As I have suggested in relation to the exhibition Pioneros: Building Cuba’s Socialist Childhood, all of these objects reveal a politicized material culture defined by the state’s infiltration of the domestic sphere.[1] This politicization is observed much more directly, if possible, in the awards, invitations, and certificates granted to PCC militants; to members of the army, the militia, and the CDRs; to outstanding, overachieving, or internationalist workers; to students of merit; and to any other individuals identified as the political vanguard of Cuban socialist society. These medals and awards are essential to understanding the mechanisms through which the Cuban totalitarianism was legitimized and finally transformed into the single party system and market economy that now organizes life in the country. Once proudly treasured by their recipients, they are now sold in the Plaza de Armas and other markets of vintage souvenir trinkets as mementos of a past that preceded the decriminalization of the U.S. dollar and the development of international tourism.

This effort to document the material dynamics of Cuba’s most recent past, which drives the Cuba Material collection, both benefits from and competes with the dismantling of the materiality of socialism that has been occurring in recent years on the island. These material residues, which continue to crowd domestic spaces, now for sale in real and virtual secondhand markets or used to decorate paladares (or privately owned restaurants), are one of the most important resources we, as researchers, have to document and understand the Cuban state socialist regime.

Near the State Theater in Prague, halfway between the Wenceslas Square and the Old Town Astronomical Clock, in a wing of the second floor of a majestic building, is the Czech Museum of Communism, one of many museums of its kind erected in the metropolises of Eastern Europe. Much criticized by academics, this dusty depository of old objects--Manichaean and surreal, mercantilist and mournful--is almost all that remains of a country that disappeared after the fall of the Berlin Wall and whose capital now prospers, invigorated by the touristic appeal of its Gothic architecture and interwar modernist buildings. I want to think that the digital archive Cuba Material and the boxes and albums that fill the closets in New Jersey and Havana where I keep the homonymous collection are the seeds of a future Museum of Cuban Socialism.

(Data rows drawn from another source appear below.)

Lemma handle_ok_strict n (a b c : 'I_n) :
  handle_ok (slt (D_le le)) ltn a b c = (a < c < b).
Proof.
apply/idP/andP => [/forallP ok | [lt_ac lt_cb]].
  split; [move/forallP: (ok handle_min) => /(_ handle_mid)
         | move/forallP: (ok handle_mid) => /(_ handle_max)]; by move/implyP; apply.
apply/forallP => -[[|[|[|i]]] lt_i]; apply/forallP => -[[|[|[|j]]] lt_j] //=;
  rewrite /handle_val /=; apply/implyP => //; rewrite /slt /=; lia.
Qed.

Lemma handle_ok_weak n (a b c : 'I_n) :
  handle_ok (D_le le) leq a b c = (a <= c <= b).
Proof.
apply/idP/andP => [/forallP ok | [le_ac le_cb]].
  split; [move/forallP: (ok handle_min) => /(_ handle_mid)
         | move/forallP: (ok handle_mid) => /(_ handle_max)]; by move/implyP; apply.
apply/forallP => -[[|[|[|i]]] lt_i]; apply/forallP => -[[|[|[|j]]] lt_j] //=;
  rewrite /handle_val /=; apply/implyP => //; lia.
Qed.

Lemma handle_pair_strict n (a b : 'I_n) :
  (\sum_(c < n) handle_ok (slt (D_le le)) ltn a b c) * window_count (slt le) ltn n a b
  = (a <= b) * ((b - a).-1 * Omega le (b - a).-1).
Proof.
under eq_bigr do rewrite handle_ok_strict.
case: (ltnP a b) => [lt_ab | le_ba]; last first.
  rewrite big1 => [|c _]; last by apply/eqP; rewrite eqb0; apply/negP => /andP[? ?]; lia.
  by move: le_ba; rewrite -subn_eq0 => /eqP ->; rewrite muln0.
have le_n : a.+1 + (b - a).-1 <= n by have := ltn_ord b; lia.
have interval x : (a < x < b) = (a.+1 <= x < a.+1 + (b - a).-1).
  by apply/idP/idP => /andP[? ?]; apply/andP; split; lia.
rewrite (sum_interval le_n interval) /window_count.
have lt_shift x y : (x + a.+1 < y + a.+1) = (x < y) by exact: ltn_add2r.
by rewrite (hom_count_interval (slt le) le_n interval lt_shift) (ltnW lt_ab) mul1n.
Qed.

Lemma handle_pair_weak n (a b : 'I_n) :
  (\sum_(c < n) handle_ok (D_le le) leq a b c) * window_count le leq n a b
  = (a <= b) * ((b - a).+1 * OmegaP le (b - a).+1).
Proof.
under eq_bigr do rewrite handle_ok_weak.
case: (leqP a b) => [le_ab | lt_ba]; last first.
  rewrite big1 => [|c _]; last by apply/eqP; rewrite eqb0; apply/negP => /andP[? ?]; lia.
  by rewrite mul0n.
have le_n : a + (b - a).+1 <= n by have := ltn_ord b; lia.
have interval x : (a <= x <= b) = (a <= x < a + (b - a).+1).
  by apply/idP/idP => /andP[? ?]; apply/andP; split; lia.
rewrite (sum_interval le_n interval) /window_count.
have le_shift x y : (x + a <= y + a) = (x <= y) by exact: leq_add2r.
by rewrite (hom_count_interval le le_n interval le_shift) mul1n.
Qed.
End HandleD.

Lemma sum_gap_step m (h : nat -> nat) :
  \sum_(d < m.+1) (m.+1 - d) * h d = \sum_(d < m) (m - d) * h d + \sum_(d < m.+1) h d.
Proof.
rewrite big_ord_recr [X in _ = _ + X]big_ord_recr /= subSnn mul1n addnA; congr (_ + _).
rewrite -big_split; apply: eq_bigr => d _ /=.
by rewrite subSn 1?ltnW // mulSn addnC.
Qed.

Lemma sum_pairs_by_gap n (h : nat -> nat) :
  \sum_(a < n) \sum_(b < n) (a <= b) * h (b - a) = \sum_(d < n) (n - d) * h d.
Proof.
elim: n => [|n IH]; first by rewrite !big_ord0.
rewrite big_ord_recr /=.
under eq_bigr do rewrite big_ord_recr /=.
rewrite big_split /= IH.
rewrite [X in _ + X = _]big_ord_recr /= [X in _ + (X + _) = _]big1 => [|b _]; last first.
  by rewrite leqNgt ltn_ord.
rewrite leqnn subnn add0n mul1n.
rewrite sum_gap_step [X in X + _ = _ + _]addnC.
rewrite big_ord_recl /=.
have -> : \sum_(i < n) (i <= n) * h (n - i) = \sum_(i < n) h (bump 0 i).
  rewrite (reindex_inj rev_ord_inj) /=; apply: eq_bigr => i _.
  by rewrite /bump /= add1n leq_subr mul1n subKn.
by rewrite -addnA [in LHS]addnC -addnA.
Qed.

Lemma Omega_handle (T : finType) (le : rel T) n :
  Omega (D_le le) n = \sum_(d < n) (n - d) * (d.-1 * Omega le d.-1).
Proof.
rewrite Omega_hom_count (hom_count_handle (r := slt le)) //.
rewrite -(sum_pairs_by_gap n (fun d => d.-1 * Omega le d.-1)).
by apply: eq_bigr => a _; apply: eq_bigr => b _; rewrite handle_pair_strict.
Qed.

Lemma OmegaP_handle (T : finType) (le : rel T) n :
  OmegaP (D_le le) n = \sum_(d < n) (n - d) * (d.+1 * OmegaP le d.+1).
Proof.
rewrite OmegaP_hom_count (hom_count_handle (r := le)) //.
rewrite -(sum_pairs_by_gap n (fun d => d.+1 * OmegaP le d.+1)).
by apply: eq_bigr => a _; apply: eq_bigr => b _; rewrite handle_pair_weak.
Qed.

(* The gap sums are convolutions: both sides equal sum_(j < m) (m - s - j) w(j),
   the left one via d = j + s and the right one via i = m - j. *)
Lemma sum_gap_shift s m (w : nat -> nat) :
  \sum_(d < m) (m - d) * ((s <= d) * w (d - s)) = \sum_(i < m.+1) (i - s) * w (m - i).
Proof.
have -> : \sum_(i < m.+1) (i - s) * w (m - i) = \sum_(j < m) (m - s - j) * w j.
  rewrite (reindex_inj rev_ord_inj) big_ord_recr /= subnn sub0n mul0n addn0.
  by apply: eq_bigr => j _; rewrite subSS subKn 1?subnAC // ltnW.
rewrite -(big_mkord xpredT (fun d => (m - d) * ((s <= d) * w (d - s)))).
rewrite -(big_mkord xpredT (fun j => (m - s - j) * w j)).
case: (leqP s m) => [le_sm | lt_ms]; last first.
  rewrite !big1_seq // => d; rewrite mem_index_iota => /andP[_ /andP[_ lt_dm]].
  - by rewrite (eqP (_ : m - s == 0)) ?sub0n // subn_eq0 ltnW.
  - by rewrite leqNgt (ltn_trans lt_dm lt_ms) muln0.
rewrite (big_cat_nat (leq0n s) le_sm) big1_seq /= => [|d]; last first.
  by rewrite mem_index_iota => /andP[_ lt_ds]; rewrite leqNgt lt_ds muln0.
rewrite -{1}[s]add0n big_addn add0n (big_cat_nat (leq0n (m - s)) (leq_subr s m)) /=.
rewrite [X in _ = _ + X]big1_seq ?addn0 => [|j]; last first.
  rewrite mem_index_iota => /andP[_ /andP[le_j _]].
  by rewrite (eqP (_ : m - s - j == 0)) ?subn_eq0.
by apply: eq_big_nat => j _; rewrite leq_addl addnK mul1n subnDA subnAC.
Qed.

Lemma slt_chain n (u v : 'I_n) : slt (@chain_le n) u v = (u < v).
Proof. by rewrite /slt /chain_le ltn_neqAle. Qed.

Lemma nth_val_tuple n k (t : n.-tuple 'I_k) (u : 'I_n) :
  nth 0 [seq val x | x <- t] u = tnth t u.
Proof. by rewrite (nth_map (tnth t u)) ?size_tuple // -tnth_nth. Qed.

(* Strictly increasing maps <n> -> <k> are the n-subsets of <k>. *)
Lemma Omega_chain n k : Omega (@chain_le n) k = 'C(k, n).
Proof.
rewrite -(card_ltn_sorted_tuples n k) /Omega.
pose of_tuple (t : n.-tuple 'I_k) : {ffun 'I_n -> 'I_k} := [ffun i => tnth t i].
have of_tuple_inj : injective of_tuple.
  by move=> t1 t2 /ffunP eq_t; apply: eq_from_tnth => i; have := eq_t i; rewrite !ffunE.
rewrite -(card_imset _ of_tuple_inj); apply: eq_card => f; rewrite inE; apply/idP/imsetP.
  move=> f_mono; exists [tuple f i | i < n]; last first.
    by apply/ffunP => i; rewrite !ffunE tnth_mktuple.
  rewrite inE; apply/(sortedP 0) => i; rewrite size_map size_tuple => lt_i1n.
  have lt_in : i < n by apply: ltnW.
  rewrite (nth_val_tuple _ (Ordinal lt_in)) (nth_val_tuple _ (Ordinal lt_i1n)) !tnth_mktuple.
  by move: (forallP (forallP f_mono (Ordinal lt_in)) (Ordinal lt_i1n)); rewrite slt_chain ltnSn.
move=> [t t_sorted ->]; rewrite inE in t_sorted.
apply/forallP => u; apply/forallP => v; apply/implyP; rewrite slt_chain => lt_uv.
rewrite !ffunE -!nth_val_tuple.
by apply: (sorted_ltn_nth ltn_trans 0 t_sorted) => //; rewrite inE size_map size_tuple.
Qed.

Lemma sum_mul_bin n m : \sum_(d < m) d * 'C(d, n) = n * 'C(m, n.+1) + n.+1 * 'C(m, n.+2).
Proof.
elim: m => [|m IH]; first by rewrite big_ord0 !bin0n /= !muln0.
rewrite big_ord_recr /= IH !binS !mulnDr (mul_bin_left m n).
have -> : m * 'C(m, n) = n * 'C(m, n) + (m - n) * 'C(m, n).
  case: (leqP n m) => [le_nm | lt_mn]; first by rewrite -mulnDl subnKC.
  by rewrite bin_small ?muln0.
by lia.
Qed.

Lemma sum_gap_chain n m :
  \sum_(d < m) (m - d) * (d.-1 * 'C(d.-1, n)) = n * 'C(m, n.+2) + n.+1 * 'C(m, n.+3).
Proof.
elim: m => [|m IH]; first by rewrite big_ord0 !bin0n /= !muln0.
rewrite (sum_gap_step m (fun d => d.-1 * 'C(d.-1, n))) IH big_ord_recl /= mul0n add0n.
rewrite (eq_bigr (fun d : 'I_m => d * 'C(d, n))) => [|d _]; last by [].
by rewrite sum_mul_bin !binS; lia.
Qed.

(* (d - 1) Omega(d - 1) vanishes for d < 2, matching the shift s = 2. *)
Lemma pred_mul_shift (F : nat -> nat) d :
  d.-1 * F d.-1 = (2 <= d) * ((d - 2).+1 * F (d - 2).+1).
Proof. by case: d => [|[|d]] /=; rewrite ?mul0n ?subSS ?subn0 ?mul1n. Qed.

Lemma ZX_Omega (T : finType) (le : rel T) m : Omega le 0 = 0 -> ZX le m = (Omega le m)%:R.
Proof. by case: m => [|m] //= ->. Qed.

Lemma ZXP_OmegaP (T : finType) (le : rel T) m :
  OmegaP le 0 = 0 -> ZXP le m = (OmegaP le m)%:R.
Proof. by case: m => [|m] //= ->. Qed.

Local Open Scope ring_scope.

Lemma coef_mul_deriv s (Z : fps) (Om : nat -> nat) m :
  (forall k, Z k.+1 = (Om k.+1)%:R) ->
  fmul (fmul (fexp fX s.+1) (fps_inv (fexp f1mX 2))) (fderiv Z) m
  = (\sum_(d < m) (m - d) * ((s <= d) * ((d - s).+1 * Om (d - s).+1)))%N%:R.
Proof.
move=> Z_Om; rewrite (sum_gap_shift s m (fun k => k.+1 * Om k.+1)%N) natr_sum.
apply: eq_bigr => i _.
by rewrite coef_shifted_square /fderiv Z_Om -mulrnA -natrM [(Om _ * _)%N]mulnC.
Qed.

Theorem mainTheorem6 :
  (forall (T : finType) (le : rel T), is_poset le -> (0 < #|T|)%N ->
     ZX (D_le le) = fmul (fmul (fexp fX 3) (fps_inv (fexp f1mX 2))) (fderiv (ZX le))
  /\ ZXP (D_le le) = fmul (fmul fX (fps_inv (fexp f1mX 2))) (fderiv (ZXP le)))
  /\
  (forall n : nat, (1 <= n)%N ->
     ZX (D_le (@chain_le n)) =
       fadd (fscale n%:R (zeta n.+2)) (fscale n.+1%:R (zeta n.+3))).
Proof.
split=> [T le _ _ | n _]; last first.
  apply: functional_extensionality => m.
  rewrite ZX_Omega ?Omega_handle ?big_ord0 // /fadd /fscale !coef_zeta.
  rewrite -!natrM -natrD -sum_gap_chain; congr _%:R.
  by apply: eq_bigr => d _; rewrite Omega_chain.
split; apply: functional_extensionality => m.
  rewrite ZX_Omega ?Omega_handle ?big_ord0 // (coef_mul_deriv 2%N (Om := Omega le)) //.
  by congr _%:R; apply: eq_bigr => d _; rewrite pred_mul_shift.
rewrite ZXP_OmegaP ?OmegaP_handle ?big_ord0 // -(fexp1 fX).
rewrite (coef_mul_deriv 0%N (Om := OmegaP le)) //.
by congr _%:R; apply: eq_bigr => d _; rewrite subn0 leq0n mul1n.
Qed.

While this project solidifies, these objects remind us that Icarus, besides being a mythological character, was also a Hungarian bus that circulated in Cuba, and that beans were not always sold in bulk at Cuban stores.

 

A version of this text was published in Art OnCuba 13 (2016): 82-85.

[1] On September 17, 2015, Parsons School of Design unveiled this exposition, curated by María A. Cabrera Arús and Meyken Barreto in the Arnold and Sheila Aronson Gallery.

 

 

Foto: “Havana family celebrating the arrival of La Caravana de Libertad (The Caravan of Freedom) to Havana, with Fidel Castro at the head of the rebel army." January 8, 1959. Photo from the author’s personal collection.